#### Description of the task:
For the entries below, the result should be an exact transcription of the lines from the one with "Definition pair (xi" up to and including the one with "Definition dual_map (f", and only those.
○ ○ ○ ○
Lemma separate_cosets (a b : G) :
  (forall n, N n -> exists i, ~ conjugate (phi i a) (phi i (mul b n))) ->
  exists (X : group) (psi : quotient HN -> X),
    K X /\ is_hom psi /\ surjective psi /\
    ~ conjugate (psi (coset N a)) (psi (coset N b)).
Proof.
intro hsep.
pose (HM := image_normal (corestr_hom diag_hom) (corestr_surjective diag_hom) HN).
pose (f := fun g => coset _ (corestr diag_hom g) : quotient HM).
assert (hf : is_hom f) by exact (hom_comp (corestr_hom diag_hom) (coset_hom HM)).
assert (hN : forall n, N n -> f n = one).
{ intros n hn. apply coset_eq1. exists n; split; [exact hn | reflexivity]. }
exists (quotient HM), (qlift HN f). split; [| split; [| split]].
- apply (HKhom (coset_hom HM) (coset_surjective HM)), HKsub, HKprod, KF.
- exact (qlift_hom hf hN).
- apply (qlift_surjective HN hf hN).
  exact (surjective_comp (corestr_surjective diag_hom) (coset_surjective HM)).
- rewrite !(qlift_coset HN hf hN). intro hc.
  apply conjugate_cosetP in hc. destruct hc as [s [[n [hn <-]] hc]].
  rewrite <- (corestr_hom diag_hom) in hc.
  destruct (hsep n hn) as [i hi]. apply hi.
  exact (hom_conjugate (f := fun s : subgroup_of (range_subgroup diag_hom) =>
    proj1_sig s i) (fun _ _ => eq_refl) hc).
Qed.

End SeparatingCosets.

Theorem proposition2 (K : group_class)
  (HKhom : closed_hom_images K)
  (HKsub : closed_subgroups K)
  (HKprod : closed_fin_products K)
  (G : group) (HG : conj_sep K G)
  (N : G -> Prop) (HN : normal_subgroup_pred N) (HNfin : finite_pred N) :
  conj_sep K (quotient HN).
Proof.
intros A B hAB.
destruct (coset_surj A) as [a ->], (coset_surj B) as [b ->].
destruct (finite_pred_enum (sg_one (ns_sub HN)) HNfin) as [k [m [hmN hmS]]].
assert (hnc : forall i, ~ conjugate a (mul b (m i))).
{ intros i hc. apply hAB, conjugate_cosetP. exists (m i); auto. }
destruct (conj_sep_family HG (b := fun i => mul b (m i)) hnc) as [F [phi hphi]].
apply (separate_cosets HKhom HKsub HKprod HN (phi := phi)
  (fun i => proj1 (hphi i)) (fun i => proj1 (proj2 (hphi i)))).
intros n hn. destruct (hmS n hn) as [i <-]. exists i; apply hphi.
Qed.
○ ○ ○ ○
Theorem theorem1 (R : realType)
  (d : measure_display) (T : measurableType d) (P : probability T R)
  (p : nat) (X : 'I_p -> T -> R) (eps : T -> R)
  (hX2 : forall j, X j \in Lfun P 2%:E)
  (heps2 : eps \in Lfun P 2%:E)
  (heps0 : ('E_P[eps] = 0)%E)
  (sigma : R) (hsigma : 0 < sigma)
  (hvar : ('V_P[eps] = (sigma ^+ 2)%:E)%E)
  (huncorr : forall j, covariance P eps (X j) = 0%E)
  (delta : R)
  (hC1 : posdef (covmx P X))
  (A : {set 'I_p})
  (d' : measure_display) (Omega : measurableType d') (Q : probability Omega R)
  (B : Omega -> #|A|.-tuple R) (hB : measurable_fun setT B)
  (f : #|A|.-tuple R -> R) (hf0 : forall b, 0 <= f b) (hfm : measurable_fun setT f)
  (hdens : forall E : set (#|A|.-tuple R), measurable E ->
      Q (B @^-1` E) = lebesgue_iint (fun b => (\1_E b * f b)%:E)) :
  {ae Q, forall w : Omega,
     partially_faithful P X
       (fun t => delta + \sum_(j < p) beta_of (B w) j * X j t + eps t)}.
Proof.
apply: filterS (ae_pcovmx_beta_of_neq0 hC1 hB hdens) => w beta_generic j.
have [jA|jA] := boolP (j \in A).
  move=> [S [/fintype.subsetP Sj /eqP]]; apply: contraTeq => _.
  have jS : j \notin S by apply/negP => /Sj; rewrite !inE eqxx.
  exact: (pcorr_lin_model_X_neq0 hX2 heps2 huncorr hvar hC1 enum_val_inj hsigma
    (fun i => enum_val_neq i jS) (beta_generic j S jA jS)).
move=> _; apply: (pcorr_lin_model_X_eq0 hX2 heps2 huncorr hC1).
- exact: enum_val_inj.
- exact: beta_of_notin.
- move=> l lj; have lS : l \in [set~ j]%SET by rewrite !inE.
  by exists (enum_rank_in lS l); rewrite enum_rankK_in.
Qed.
○ ○ ○ ○
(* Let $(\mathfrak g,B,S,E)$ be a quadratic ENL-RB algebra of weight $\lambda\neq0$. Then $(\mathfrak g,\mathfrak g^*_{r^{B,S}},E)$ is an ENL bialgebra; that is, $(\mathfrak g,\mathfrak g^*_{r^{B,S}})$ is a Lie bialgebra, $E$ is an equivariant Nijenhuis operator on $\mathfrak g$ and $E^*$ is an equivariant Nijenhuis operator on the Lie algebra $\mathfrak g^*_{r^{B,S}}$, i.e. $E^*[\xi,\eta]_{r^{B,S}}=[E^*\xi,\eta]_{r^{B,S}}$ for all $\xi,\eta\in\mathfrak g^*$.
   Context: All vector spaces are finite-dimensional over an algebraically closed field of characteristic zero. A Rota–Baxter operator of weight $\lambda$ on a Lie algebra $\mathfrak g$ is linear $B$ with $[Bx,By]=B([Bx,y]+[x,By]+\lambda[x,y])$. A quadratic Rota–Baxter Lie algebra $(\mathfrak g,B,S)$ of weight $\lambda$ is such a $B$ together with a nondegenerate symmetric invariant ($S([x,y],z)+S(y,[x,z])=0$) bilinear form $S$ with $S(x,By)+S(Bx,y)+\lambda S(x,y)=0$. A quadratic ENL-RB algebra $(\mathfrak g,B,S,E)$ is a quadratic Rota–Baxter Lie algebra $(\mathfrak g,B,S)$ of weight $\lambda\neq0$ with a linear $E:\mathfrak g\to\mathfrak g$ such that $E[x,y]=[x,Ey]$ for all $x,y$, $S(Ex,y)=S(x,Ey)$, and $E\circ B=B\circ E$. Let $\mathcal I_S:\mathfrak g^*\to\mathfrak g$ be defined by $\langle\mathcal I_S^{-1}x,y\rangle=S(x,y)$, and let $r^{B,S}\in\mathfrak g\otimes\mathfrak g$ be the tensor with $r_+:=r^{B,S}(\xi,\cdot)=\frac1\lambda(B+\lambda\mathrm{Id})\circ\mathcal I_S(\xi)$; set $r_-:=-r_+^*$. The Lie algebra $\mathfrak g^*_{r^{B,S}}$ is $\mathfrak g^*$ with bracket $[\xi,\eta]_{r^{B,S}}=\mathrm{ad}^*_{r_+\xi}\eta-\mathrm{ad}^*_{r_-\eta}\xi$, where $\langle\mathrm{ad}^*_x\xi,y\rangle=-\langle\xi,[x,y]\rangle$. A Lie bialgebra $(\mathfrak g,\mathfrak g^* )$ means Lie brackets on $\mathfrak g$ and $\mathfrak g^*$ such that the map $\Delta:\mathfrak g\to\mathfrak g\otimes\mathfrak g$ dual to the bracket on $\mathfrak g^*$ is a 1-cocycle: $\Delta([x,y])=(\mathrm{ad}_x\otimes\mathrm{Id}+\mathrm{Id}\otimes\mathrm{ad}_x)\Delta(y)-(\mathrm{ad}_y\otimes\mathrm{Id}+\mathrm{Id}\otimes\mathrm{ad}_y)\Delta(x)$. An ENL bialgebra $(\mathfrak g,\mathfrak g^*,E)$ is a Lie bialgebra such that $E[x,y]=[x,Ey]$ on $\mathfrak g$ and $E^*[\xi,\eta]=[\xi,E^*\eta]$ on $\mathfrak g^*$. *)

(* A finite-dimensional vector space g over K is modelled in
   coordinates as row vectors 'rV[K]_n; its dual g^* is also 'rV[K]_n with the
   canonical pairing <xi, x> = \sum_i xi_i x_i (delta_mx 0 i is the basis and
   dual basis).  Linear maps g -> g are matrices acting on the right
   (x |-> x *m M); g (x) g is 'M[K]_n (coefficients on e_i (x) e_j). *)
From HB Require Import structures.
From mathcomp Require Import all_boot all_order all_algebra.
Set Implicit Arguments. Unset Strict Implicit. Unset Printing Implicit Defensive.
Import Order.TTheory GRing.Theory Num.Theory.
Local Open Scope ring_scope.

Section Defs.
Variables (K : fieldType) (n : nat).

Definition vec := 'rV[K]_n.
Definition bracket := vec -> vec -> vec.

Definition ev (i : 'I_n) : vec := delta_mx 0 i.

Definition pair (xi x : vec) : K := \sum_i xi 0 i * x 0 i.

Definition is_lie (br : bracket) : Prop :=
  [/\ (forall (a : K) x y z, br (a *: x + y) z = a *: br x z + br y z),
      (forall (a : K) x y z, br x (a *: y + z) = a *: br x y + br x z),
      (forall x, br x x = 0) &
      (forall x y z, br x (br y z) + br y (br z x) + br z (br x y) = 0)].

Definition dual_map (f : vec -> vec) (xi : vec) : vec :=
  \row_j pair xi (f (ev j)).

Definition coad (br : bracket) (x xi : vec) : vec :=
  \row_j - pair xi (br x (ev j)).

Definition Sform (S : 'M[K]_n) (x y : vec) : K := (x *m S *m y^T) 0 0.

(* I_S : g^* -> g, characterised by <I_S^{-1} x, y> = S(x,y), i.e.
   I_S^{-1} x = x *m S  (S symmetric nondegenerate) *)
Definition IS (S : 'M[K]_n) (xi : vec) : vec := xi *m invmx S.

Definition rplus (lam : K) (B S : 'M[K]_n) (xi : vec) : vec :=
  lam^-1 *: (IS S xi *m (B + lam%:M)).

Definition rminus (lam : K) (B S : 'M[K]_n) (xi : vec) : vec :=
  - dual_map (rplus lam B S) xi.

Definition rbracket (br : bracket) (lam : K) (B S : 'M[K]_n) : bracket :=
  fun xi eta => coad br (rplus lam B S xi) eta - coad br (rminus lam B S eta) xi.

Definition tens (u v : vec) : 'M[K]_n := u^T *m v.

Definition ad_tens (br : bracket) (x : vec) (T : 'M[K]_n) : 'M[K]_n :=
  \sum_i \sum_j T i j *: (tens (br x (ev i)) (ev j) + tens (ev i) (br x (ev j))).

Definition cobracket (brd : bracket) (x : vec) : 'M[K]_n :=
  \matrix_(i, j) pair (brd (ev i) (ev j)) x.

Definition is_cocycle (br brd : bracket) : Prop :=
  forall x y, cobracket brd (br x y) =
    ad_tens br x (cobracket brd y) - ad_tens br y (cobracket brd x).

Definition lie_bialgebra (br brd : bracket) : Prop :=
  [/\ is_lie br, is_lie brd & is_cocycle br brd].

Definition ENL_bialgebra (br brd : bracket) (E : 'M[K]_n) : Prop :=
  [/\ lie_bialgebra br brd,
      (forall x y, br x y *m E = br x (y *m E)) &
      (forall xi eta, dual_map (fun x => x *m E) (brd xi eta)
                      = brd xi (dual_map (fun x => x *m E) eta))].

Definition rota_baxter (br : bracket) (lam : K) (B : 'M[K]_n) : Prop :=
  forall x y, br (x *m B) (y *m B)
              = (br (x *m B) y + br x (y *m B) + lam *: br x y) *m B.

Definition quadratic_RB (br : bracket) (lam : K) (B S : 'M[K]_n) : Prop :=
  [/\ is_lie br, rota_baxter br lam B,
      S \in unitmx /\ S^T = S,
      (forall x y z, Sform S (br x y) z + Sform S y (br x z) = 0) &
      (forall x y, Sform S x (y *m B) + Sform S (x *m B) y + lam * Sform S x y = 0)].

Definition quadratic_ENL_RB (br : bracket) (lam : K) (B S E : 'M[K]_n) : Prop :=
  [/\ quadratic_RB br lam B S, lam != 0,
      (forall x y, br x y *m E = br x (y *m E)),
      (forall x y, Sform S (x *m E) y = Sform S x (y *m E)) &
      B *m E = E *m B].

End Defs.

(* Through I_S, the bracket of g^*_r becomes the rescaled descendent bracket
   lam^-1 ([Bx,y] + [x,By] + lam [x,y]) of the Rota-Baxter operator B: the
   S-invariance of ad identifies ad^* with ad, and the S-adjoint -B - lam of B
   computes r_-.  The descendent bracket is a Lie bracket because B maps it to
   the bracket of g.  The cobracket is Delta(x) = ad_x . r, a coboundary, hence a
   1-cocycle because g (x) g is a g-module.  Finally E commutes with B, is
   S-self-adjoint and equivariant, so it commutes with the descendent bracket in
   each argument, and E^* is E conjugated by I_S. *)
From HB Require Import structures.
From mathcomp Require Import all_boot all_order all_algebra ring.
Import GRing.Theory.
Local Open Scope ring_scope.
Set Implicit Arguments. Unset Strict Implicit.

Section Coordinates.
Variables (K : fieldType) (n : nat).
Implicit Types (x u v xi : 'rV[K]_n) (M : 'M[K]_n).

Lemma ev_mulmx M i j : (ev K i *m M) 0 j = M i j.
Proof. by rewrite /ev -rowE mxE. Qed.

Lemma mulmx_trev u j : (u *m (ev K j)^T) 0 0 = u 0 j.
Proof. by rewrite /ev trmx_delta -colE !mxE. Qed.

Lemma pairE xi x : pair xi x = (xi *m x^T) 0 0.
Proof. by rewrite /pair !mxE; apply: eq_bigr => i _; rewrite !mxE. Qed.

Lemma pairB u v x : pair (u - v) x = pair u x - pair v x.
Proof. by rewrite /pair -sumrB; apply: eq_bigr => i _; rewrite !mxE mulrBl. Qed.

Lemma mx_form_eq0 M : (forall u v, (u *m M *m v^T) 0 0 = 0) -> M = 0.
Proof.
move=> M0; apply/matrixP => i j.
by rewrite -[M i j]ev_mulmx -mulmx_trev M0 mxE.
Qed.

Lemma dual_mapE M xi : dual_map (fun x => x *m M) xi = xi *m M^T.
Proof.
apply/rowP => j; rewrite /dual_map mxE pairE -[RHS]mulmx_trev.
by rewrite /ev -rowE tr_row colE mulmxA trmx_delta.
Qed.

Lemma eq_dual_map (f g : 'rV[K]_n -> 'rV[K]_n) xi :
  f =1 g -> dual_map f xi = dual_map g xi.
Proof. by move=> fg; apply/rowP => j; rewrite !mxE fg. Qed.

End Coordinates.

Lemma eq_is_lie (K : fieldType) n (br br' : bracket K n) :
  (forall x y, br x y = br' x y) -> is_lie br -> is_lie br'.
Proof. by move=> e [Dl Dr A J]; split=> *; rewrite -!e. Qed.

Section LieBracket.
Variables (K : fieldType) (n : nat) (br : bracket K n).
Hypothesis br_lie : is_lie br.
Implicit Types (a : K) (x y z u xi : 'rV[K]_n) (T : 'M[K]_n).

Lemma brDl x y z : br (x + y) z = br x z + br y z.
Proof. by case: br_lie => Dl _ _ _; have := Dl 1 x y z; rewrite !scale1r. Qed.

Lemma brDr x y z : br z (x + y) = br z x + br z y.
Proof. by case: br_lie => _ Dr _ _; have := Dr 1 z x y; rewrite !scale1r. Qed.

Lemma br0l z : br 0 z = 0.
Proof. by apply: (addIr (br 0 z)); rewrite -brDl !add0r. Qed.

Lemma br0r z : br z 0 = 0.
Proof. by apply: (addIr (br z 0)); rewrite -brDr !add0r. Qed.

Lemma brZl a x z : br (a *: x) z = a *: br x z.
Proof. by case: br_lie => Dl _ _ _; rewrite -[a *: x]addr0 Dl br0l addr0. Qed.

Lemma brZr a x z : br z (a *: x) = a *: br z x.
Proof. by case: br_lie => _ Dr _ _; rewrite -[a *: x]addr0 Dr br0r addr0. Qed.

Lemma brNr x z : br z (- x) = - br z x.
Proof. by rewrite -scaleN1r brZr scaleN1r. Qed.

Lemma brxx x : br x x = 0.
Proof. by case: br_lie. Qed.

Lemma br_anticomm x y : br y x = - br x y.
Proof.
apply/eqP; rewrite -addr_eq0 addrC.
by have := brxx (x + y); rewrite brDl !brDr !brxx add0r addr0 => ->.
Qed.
○ ○ ○ ○
#### Result below:
Definition pair (xi x : vec) : K := \sum_i xi 0 i * x 0 i.

Definition is_lie (br : bracket) : Prop :=
  [/\ (forall (a : K) x y z, br (a *: x + y) z = a *: br x z + br y z),
      (forall (a : K) x y z, br x (a *: y + z) = a *: br x y + br x z),
      (forall x, br x x = 0) &
      (forall x y z, br x (br y z) + br y (br z x) + br z (br x y) = 0)].

Definition dual_map (f : vec -> vec) (xi : vec) : vec :=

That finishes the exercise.